- _ASSIGNMENT_
Identify all lines of the data containing the string "hermsymmx" and copy them.

- _SUPPLIED MATERIAL_
-------------------------

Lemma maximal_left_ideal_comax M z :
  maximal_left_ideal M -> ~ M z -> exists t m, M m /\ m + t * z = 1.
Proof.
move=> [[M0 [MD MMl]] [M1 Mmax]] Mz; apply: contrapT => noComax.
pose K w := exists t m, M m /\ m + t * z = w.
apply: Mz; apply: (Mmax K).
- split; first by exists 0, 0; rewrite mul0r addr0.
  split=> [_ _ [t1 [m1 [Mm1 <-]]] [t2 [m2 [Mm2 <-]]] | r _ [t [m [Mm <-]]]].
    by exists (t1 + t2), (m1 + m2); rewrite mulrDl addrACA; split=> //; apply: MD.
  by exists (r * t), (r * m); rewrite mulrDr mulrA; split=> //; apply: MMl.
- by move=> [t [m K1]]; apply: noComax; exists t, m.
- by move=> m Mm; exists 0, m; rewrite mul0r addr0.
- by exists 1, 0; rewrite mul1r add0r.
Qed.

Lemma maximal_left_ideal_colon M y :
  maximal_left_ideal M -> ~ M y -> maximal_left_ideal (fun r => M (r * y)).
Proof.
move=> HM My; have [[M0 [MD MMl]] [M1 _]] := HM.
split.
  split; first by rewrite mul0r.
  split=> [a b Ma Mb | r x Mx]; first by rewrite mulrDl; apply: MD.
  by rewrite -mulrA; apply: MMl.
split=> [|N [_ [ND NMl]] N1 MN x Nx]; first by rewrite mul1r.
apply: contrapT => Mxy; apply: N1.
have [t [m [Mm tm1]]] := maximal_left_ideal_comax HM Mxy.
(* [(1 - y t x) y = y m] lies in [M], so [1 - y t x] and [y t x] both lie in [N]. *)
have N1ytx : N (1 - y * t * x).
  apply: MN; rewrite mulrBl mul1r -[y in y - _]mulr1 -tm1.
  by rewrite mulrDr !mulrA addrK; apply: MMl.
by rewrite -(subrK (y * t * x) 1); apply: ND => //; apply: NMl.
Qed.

-------------------------

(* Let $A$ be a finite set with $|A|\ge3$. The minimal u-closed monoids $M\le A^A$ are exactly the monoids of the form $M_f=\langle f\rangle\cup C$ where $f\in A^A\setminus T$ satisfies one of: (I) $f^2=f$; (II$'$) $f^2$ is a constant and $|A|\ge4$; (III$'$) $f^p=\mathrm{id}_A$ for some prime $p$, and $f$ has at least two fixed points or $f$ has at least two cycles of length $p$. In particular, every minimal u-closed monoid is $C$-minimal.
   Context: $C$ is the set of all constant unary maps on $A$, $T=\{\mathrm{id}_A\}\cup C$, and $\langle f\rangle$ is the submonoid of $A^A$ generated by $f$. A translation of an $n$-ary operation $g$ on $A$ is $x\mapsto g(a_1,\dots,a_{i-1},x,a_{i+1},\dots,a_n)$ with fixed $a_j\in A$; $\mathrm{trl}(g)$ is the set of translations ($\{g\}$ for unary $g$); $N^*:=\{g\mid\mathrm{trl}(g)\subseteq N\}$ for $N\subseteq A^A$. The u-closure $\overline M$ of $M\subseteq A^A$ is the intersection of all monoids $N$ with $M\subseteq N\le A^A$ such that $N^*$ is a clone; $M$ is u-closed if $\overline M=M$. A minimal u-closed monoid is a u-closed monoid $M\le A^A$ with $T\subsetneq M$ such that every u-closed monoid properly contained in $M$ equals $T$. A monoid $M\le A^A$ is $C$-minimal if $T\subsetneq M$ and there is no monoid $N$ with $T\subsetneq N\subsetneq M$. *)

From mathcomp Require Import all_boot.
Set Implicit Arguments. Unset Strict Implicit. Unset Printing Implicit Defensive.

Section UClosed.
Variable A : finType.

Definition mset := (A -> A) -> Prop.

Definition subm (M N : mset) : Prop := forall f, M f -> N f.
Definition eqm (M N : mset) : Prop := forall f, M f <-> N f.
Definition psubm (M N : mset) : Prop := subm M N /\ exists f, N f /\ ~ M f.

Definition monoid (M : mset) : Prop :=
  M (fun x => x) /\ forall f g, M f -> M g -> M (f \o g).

-------------------------

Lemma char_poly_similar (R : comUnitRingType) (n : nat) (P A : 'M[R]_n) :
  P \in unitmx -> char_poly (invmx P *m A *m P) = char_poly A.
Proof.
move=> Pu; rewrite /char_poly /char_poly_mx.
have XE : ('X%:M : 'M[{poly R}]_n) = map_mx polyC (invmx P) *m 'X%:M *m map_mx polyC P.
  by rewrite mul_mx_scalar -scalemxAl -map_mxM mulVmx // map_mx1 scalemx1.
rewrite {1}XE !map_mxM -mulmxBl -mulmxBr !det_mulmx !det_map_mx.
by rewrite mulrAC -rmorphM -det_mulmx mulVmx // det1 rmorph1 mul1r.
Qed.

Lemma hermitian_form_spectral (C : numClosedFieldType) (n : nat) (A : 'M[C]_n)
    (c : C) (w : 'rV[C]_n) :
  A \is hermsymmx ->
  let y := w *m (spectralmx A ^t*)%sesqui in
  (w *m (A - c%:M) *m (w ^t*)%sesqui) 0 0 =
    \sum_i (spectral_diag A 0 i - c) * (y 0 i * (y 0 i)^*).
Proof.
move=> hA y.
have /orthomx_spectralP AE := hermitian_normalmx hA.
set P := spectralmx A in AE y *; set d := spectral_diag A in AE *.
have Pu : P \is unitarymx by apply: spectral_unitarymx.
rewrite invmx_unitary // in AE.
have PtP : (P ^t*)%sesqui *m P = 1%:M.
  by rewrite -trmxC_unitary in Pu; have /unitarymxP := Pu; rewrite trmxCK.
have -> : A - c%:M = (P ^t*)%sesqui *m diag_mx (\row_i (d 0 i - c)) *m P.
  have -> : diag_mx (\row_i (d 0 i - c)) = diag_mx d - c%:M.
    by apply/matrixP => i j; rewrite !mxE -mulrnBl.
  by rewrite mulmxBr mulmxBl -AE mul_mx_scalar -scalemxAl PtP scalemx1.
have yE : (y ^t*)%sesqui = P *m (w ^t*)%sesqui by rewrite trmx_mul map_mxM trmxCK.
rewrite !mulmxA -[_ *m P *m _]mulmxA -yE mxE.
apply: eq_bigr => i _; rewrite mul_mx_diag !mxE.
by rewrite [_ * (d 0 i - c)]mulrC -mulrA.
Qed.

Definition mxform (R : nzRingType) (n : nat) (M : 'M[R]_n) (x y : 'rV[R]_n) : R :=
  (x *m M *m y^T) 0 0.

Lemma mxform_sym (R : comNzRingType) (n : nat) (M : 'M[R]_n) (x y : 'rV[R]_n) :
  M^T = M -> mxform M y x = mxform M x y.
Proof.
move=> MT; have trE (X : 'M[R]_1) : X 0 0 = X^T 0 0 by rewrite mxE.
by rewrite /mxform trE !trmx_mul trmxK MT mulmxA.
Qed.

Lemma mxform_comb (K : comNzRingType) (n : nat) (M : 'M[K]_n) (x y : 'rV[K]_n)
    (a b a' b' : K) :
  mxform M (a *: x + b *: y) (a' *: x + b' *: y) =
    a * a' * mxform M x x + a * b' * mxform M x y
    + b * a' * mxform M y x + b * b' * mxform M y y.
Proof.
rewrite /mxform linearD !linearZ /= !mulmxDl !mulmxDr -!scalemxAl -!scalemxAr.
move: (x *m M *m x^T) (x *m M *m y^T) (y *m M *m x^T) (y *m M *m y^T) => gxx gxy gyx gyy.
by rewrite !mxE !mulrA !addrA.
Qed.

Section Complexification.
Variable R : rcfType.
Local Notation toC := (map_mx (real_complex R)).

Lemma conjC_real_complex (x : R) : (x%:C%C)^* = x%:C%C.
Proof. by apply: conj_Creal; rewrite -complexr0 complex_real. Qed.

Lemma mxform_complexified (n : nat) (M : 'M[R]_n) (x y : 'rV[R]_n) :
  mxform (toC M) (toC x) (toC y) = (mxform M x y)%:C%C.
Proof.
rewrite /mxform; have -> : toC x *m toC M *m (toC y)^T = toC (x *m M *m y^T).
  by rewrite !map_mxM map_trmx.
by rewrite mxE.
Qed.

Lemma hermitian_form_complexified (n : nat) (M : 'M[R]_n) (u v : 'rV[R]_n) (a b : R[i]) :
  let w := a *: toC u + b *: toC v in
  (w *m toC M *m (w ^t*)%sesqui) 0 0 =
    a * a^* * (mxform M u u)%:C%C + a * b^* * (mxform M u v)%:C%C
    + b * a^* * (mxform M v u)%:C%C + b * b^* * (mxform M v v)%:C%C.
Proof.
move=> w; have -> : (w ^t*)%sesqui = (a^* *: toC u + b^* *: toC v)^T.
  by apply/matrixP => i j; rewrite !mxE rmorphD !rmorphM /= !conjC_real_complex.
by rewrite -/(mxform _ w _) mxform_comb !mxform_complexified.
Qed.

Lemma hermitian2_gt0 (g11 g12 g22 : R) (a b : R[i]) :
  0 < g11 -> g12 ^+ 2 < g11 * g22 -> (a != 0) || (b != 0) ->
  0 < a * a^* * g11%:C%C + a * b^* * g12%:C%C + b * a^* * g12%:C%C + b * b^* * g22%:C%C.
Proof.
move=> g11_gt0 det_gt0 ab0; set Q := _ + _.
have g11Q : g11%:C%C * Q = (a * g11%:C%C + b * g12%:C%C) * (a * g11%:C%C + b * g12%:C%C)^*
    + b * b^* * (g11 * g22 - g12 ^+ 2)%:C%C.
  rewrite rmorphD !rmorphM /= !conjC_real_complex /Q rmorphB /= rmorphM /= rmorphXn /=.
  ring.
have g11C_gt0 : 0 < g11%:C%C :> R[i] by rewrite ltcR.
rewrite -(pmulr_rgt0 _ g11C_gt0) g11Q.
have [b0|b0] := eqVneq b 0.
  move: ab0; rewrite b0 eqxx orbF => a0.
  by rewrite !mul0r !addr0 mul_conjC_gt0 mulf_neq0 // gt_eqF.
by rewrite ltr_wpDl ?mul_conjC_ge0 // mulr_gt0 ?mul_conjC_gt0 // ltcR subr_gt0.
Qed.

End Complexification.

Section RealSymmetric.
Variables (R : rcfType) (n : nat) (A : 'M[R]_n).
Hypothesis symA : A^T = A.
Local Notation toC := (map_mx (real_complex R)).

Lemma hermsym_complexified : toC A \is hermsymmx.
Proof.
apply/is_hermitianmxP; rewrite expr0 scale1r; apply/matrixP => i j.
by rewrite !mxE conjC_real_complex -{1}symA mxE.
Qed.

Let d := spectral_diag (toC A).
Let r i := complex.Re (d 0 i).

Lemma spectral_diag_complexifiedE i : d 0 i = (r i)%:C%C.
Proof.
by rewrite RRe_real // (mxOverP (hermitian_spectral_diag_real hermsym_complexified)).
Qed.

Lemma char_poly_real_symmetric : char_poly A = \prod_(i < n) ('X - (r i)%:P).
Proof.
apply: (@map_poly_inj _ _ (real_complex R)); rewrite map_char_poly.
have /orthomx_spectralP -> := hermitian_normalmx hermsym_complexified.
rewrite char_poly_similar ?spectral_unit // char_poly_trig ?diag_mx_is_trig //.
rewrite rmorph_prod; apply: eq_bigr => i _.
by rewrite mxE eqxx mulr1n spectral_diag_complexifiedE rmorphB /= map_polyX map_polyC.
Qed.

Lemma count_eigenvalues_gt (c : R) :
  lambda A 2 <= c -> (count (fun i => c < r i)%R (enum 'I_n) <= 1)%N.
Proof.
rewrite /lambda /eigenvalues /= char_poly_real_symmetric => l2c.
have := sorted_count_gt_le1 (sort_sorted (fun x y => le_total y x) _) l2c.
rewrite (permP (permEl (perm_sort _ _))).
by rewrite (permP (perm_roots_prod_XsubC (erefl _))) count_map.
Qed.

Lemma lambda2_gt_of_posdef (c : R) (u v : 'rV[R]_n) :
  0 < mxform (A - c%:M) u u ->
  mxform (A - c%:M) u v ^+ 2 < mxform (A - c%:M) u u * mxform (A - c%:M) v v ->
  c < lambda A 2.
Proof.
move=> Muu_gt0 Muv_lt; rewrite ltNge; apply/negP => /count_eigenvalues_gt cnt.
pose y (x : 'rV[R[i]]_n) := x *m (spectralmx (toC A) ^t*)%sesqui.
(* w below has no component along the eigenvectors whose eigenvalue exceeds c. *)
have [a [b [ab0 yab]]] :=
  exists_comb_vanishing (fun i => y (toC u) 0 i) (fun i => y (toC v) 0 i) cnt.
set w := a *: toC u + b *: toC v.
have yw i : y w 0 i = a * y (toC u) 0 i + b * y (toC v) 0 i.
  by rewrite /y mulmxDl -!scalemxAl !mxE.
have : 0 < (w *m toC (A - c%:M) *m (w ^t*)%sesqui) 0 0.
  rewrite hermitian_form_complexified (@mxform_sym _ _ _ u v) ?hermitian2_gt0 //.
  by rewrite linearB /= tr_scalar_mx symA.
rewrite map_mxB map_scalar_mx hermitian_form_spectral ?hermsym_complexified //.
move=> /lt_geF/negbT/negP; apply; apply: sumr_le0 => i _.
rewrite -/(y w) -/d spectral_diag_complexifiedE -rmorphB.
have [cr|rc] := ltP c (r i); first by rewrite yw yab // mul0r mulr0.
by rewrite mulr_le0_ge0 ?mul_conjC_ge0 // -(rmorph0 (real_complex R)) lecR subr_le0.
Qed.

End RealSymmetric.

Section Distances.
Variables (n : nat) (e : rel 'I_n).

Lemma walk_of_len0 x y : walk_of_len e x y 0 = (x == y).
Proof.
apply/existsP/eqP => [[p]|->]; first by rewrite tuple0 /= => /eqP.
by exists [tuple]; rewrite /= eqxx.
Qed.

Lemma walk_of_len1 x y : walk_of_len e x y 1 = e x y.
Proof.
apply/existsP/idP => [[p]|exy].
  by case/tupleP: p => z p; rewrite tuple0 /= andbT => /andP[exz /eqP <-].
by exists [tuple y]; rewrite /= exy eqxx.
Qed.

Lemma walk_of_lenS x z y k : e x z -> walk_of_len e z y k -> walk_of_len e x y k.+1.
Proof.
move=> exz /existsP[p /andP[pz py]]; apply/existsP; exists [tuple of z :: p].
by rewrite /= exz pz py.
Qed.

-------------------------

- _ANSWER AREA_
  A \is hermsymmx ->
Lemma hermsym_complexified : toC A \is hermsymmx.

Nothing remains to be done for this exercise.